One of my favorite sites, creditboards.com, is great for a lot of reasons. That's why I contribute in the forum all the time. I'm giving back to a place where I have taken so much. It's called paying it forward. But another reason I hang out there is so that I can keep my finger on the pulse of the credit landscape. What I've noticed during the past two days is that American Express is wielding its sickle with a lot more frequency now. It seems to be stepping up its campaign of exposure reduction.
There are at least five threads at the creditboards forum that illustrate my point (see the threads here, here, here, here, and here). A couple of the people who have suffered adverse action in the past 24 hours are, what I would imagine, very low-risk customers. Doesn't matter, apparently. American Express is taking a knife to these limits.
(Also, make no mistake. I am referring to American Express cards that are underwritten by the American Express Centurion Bank. This column is not applicable to American Express-branded cards that are underwritten by banks such as Citibank, Bank of America, HSBC, USAA, etc.)
Users at creditboards aren't the only ones suffering adverse action, either. A lady who was interviewed by the Los Angeles Times saw her $30,000 limit card cut to $1,000. See story here. A quick search on Google will likely turn up other stories as well.

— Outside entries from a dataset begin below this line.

Lemma in_polar_set s t v :
  (v \in polar_set s t) = match v with inl i => i \in s | inr j => j \in t end.
Proof.
rewrite inE; case: v => i.
  by rewrite (mem_imset _ _ inl_inj) (negbTE (inl_notin_imset_inr _ _)) orbF.
by rewrite (mem_imset _ _ inr_inj) (negbTE (inr_notin_imset_inl _ _)).
Qed.

Lemma polar_set_subset s t s' t' :
  (polar_set s t \subset polar_set s' t') = (s \subset s') && (t \subset t').
Proof.
apply/subsetP/andP => [sub | [/subsetP ss' /subsetP tt'] [] i]; last first.
- by rewrite !in_polar_set => /tt'.
- by rewrite !in_polar_set => /ss'.
split; apply/subsetP => i.
  by have := sub (inl i); rewrite !in_polar_set.
by have := sub (inr i); rewrite !in_polar_set.
Qed.

Lemma polar_set_preimset F : F = polar_set (inl @^-1: F) (inr @^-1: F).
Proof. by apply/setP => -[] i; rewrite in_polar_set inE. Qed.

Lemma xmonS_ymonS s t : xmonS s * ymonS t = vmonS (polar_set s t).
Proof.
have disj : [disjoint inl @: s & inr @: t].
  rewrite disjoint_subset; apply/subsetP => _ /imsetP[i _ ->].
  exact: inl_notin_imset_inr.
rewrite /vmonS (eq_bigl [predU inl @: s & inr @: t]) => [|v]; last by rewrite !inE.
by rewrite bigU // !big_imset // => i j _ _ [].
Qed.

Lemma polar_complex_closed C F G :
  G \subset F -> F \in polar_complex C -> G \in polar_complex C.
Proof.
move=> GF; rewrite !inE => /exists_inP[c Cc Fc].
by apply/exists_inP; exists c => //; apply: subset_trans Fc.
Qed.

Lemma SR_ideal_vmonS D F :
  (forall F G, G \subset F -> F \in D -> G \in D) ->
  SR_ideal D (vmonS F) <-> F \notin D.
Proof.
move=> D_closed; split=> [SRF | nDF]; last by apply: mem_ideal_gen; exists F.
pose v k : 'F_2 := (split k \in F)%:R.
have vmonSE G : (vmonS G).@[v] = (G \subset F)%:R.
  rewrite meval_prodX; under eq_bigr do rewrite /v unsplitK.
  exact: prod_natb_subset.
apply/negP => DF.
have : (vmonS F).@[v] = 0.
  apply: meval_ideal_gen SRF => _ [G [nDG ->]]; apply/eqP; rewrite vmonSE natb_eq0.
  by apply/negP => GF; move/negP: nDG; apply; apply: D_closed GF DF.
by rewrite vmonSE subxx => /eqP; rewrite oner_eq0.
Qed.

Lemma SR_polar_xy_I_code C s t :
  SR_ideal (polar_complex C) (xmonS s * ymonS t) <-> I_code C (pmR s t).
Proof.
rewrite xmonS_ymonS; apply: iff_trans (SR_ideal_vmonS _ _ (polar_complex_closed C)) _.
apply: iff_trans (iff_sym (I_code_pmR _ _ _)).
rewrite inE negb_exists_in; split=> [/forall_inP nsub c /nsub | nsub].
  by rewrite polar_facetE polar_set_subset.
by apply/forall_inP => c /nsub; rewrite polar_facetE polar_set_subset.
Qed.

End PolarComplex.

Section CanonicalFormGenerators.
Variables (n : nat) (C : {set {set 'I_n}}).

Definition CF_xy_gen (g : Spoly n) : Prop :=
  exists s t : {set 'I_n}, CF (J_code C) (pmR s t) /\ g = xmonS s * ymonS t.

Definition diag_xy_gen (g : Spoly n) : Prop :=
  exists i : 'I_n, g = 'X_(lshift n i) * 'X_(rshift n i).

Lemma xmonS_ymonS_subset {s t s' t' : {set 'I_n}} : s' \subset s -> t' \subset t ->
  xmonS s * ymonS t = xmonS (s :\: s') * ymonS (t :\: t') * (xmonS s' * ymonS t').
Proof.
move=> s's t't; rewrite /xmonS /ymonS.
rewrite (big_setID (A := s) s') (big_setID (A := t) t') /=.
by rewrite (setIidPr s's) (setIidPr t't) mulrACA mulrC.
Qed.

Lemma xmonS_ymonS_set1 (i : 'I_n) :
  xmonS [set i] * ymonS [set i] = 'X_(lshift n i) * 'X_(rshift n i).
Proof. by rewrite /xmonS /ymonS !big_set1. Qed.

Lemma SR_polar_sub_sum f :
  SR_ideal (polar_complex C) f ->
  ideal_sum (ideal_gen CF_xy_gen) (ideal_gen diag_xy_gen) f.
Proof.
apply: ideal_gen_sub_sum => _ [F [nF ->]].
rewrite [F]polar_set_preimset in nF *; move: (inl @^-1: F) (inr @^-1: F) nF => s t nF.
rewrite -xmonS_ymonS.
have [/eqP | [i /setIP[si ti]]] := set_0Vmem (s :&: t).
  rewrite setI_eq0 => dst; exists (xmonS s * ymonS t), 0; rewrite addr0.
  split; last by split; first exact: ideal_gen0.
  have /SR_polar_xy_I_code Ist : SR_ideal (polar_complex C) (xmonS s * ymonS t).
    by rewrite xmonS_ymonS; apply: mem_ideal_gen; exists (polar_set s t).
  have [s' [t' [s's t't CFs't']]] := exists_CF_dvd dst Ist.
  rewrite (xmonS_ymonS_subset s's t't); apply: ideal_genMl.
  by apply: mem_ideal_gen; exists s', t'.
exists 0, (xmonS s * ymonS t); rewrite add0r; split; first exact: ideal_gen0.
split=> //; rewrite (@xmonS_ymonS_subset _ _ [set i] [set i]) ?sub1set //.
by apply: ideal_genMl; apply: mem_ideal_gen; exists i; rewrite xmonS_ymonS_set1.
Qed.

There is also a thread at creditboards.com regarding a RUMOR that American Express may be getting out of the credit card business (as opposed to the charge card biz). I don't know where this information is coming from, so I cannot give the rumor any credence. Could be a poster simply trying to scare people for all I know. (Update: the poster said this about the rumor: "A friend of mine from California works at a bank and that is what they talked about at the water cooler...it is just a RUMOR.")
Notwithstanding that rumor, it would not shock me if Amex was getting out of the credit card business (though it's unlikely). American Express has its roots in the charge-card biz. Amex seems to have a real disdain for customers who carry a balance on credit cards (that can be revolved each month). As I've said before, if American Express wants these people to pay in full each month, why is it even in the CREDIT card business?
A couple of months ago, when I applied for my Amex card, I wrote a very lengthy article about my game plan for American Express. After the last couple of days, I'm convinced that my rationale for getting a charge card instead of a credit card was spot on. American Express, at the end of the day, seems to be struggling with its decision to be a credit-card company (in addition to being a charge-card company).
Most of the slashing during the past 24-48 hours has centered around credit cards (though I have seen some charge cards get their exposure limits reduced as well). By and large, though, I think that American Express -- for now -- is going after credit card customers first (no proof, it's just my hunch). After that, maybe they make a run at charge-card customers.
I'll keep saying this until I am blue in the face: diversify, diversify, diversify. You never know when a creditor will start taking a torch to credit limits. Have backups to your other creditors.
We're living during a very uncertain time right now. People are on edge.
I imagine these latest American Express moves are not helping things.